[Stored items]
________________

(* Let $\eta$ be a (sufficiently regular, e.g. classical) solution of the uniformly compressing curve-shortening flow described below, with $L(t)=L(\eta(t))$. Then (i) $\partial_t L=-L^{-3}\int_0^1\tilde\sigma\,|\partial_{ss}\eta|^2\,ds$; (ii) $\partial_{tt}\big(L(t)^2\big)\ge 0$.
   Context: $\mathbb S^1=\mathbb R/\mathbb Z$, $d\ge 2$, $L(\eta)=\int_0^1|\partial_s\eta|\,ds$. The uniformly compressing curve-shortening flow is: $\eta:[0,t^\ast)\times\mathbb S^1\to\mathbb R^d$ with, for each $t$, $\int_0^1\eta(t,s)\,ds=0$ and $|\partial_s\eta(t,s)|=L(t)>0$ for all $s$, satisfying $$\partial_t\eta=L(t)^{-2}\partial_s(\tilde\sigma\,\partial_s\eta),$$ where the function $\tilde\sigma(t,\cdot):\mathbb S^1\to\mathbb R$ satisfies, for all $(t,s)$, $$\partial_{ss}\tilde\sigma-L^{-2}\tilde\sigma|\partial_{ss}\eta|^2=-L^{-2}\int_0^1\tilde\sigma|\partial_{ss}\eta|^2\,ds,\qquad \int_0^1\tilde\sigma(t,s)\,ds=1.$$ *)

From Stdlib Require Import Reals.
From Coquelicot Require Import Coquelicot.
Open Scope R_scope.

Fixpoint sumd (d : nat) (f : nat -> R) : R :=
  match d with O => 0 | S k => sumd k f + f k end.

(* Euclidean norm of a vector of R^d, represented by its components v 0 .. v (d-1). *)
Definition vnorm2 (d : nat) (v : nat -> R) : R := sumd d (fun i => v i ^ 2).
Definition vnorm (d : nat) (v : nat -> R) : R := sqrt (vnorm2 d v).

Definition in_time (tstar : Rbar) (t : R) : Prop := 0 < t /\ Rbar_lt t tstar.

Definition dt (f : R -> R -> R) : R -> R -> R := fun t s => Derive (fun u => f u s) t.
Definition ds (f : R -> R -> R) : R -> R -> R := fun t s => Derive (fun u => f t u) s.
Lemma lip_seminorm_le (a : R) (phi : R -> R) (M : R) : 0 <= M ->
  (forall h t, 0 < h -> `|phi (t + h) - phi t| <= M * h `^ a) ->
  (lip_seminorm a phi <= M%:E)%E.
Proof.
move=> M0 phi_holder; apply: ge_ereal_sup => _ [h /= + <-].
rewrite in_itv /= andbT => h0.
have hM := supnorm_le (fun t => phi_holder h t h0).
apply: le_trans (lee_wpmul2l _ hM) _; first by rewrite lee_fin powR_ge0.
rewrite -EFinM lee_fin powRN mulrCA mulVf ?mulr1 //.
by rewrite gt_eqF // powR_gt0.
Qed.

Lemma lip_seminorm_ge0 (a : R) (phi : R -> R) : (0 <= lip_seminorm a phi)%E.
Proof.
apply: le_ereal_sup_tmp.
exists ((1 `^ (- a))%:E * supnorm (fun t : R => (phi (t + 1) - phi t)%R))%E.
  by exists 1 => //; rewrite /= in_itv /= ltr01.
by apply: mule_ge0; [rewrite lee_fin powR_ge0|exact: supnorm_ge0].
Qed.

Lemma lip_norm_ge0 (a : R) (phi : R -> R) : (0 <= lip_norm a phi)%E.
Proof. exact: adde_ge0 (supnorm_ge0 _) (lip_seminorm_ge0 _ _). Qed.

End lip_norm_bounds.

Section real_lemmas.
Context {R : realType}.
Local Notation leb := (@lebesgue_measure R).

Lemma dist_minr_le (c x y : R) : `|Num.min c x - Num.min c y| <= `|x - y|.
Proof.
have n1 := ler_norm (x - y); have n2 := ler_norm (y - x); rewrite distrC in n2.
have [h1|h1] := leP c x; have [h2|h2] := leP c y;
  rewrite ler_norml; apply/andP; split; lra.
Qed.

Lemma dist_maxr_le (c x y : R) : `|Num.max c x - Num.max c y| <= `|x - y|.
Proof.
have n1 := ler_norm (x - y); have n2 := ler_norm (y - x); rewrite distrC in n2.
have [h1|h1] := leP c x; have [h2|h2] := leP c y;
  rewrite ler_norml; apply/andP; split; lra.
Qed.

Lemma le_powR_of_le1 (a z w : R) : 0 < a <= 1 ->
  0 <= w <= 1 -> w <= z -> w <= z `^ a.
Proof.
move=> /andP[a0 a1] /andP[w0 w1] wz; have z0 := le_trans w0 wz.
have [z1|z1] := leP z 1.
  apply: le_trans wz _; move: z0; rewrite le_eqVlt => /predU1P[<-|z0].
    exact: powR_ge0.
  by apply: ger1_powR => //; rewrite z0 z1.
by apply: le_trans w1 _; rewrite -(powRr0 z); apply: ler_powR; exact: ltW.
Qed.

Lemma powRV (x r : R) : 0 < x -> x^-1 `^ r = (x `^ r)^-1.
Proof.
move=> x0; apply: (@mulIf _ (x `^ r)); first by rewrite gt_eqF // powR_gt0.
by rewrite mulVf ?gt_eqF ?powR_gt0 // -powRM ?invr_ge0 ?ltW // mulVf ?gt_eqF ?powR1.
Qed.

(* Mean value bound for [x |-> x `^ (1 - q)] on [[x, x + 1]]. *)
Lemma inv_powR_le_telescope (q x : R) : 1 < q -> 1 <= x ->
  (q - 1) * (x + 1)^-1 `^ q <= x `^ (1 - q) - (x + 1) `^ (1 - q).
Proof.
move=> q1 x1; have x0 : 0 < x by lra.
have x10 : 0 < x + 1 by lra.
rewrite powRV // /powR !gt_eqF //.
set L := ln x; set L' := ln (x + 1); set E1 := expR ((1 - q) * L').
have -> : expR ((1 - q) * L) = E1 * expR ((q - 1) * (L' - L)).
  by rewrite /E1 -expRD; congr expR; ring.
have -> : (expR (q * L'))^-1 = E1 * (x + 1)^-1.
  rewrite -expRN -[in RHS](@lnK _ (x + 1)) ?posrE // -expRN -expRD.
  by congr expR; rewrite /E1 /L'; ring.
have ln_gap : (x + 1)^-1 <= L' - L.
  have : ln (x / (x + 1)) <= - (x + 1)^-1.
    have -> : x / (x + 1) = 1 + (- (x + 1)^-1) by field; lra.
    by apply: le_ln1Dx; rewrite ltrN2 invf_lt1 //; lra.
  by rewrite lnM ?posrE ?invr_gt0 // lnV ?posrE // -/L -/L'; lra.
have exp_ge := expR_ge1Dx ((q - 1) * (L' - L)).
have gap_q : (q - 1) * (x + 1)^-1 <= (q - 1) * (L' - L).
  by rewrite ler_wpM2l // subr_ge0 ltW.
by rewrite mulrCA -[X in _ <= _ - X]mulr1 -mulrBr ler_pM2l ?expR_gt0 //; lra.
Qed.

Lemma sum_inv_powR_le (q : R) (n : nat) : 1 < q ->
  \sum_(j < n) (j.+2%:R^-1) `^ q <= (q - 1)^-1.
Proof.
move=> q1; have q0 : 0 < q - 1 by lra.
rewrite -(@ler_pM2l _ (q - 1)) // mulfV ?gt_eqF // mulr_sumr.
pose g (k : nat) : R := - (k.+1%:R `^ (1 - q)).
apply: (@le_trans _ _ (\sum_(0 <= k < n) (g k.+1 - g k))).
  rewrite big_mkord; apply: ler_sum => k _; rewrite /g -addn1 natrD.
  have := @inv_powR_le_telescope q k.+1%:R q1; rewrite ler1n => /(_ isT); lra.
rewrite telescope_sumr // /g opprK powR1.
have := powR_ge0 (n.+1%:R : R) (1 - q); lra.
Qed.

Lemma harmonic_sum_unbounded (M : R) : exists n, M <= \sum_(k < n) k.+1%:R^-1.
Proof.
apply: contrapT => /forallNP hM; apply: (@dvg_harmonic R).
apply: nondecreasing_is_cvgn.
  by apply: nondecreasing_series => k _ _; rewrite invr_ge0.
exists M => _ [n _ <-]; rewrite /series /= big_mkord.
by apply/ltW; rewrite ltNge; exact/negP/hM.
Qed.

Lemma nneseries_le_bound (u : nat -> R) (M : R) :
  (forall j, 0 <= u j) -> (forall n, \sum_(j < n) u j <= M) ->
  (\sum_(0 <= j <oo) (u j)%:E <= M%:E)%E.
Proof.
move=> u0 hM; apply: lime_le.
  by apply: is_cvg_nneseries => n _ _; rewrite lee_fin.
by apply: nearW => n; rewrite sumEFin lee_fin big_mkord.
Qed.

________________

§ Assignment
Each line, starting with the one containing "move=> u0 hM; apply: lime_le." and ending with the last line of the records above, should be reproduced exactly.

§ Response
move=> u0 hM; apply: lime_le.
  by apply: is_cvg_nneseries => n _ _; rewrite lee_fin.
by apply: nearW => n; rewrite sumEFin lee_fin big_mkord.
Qed.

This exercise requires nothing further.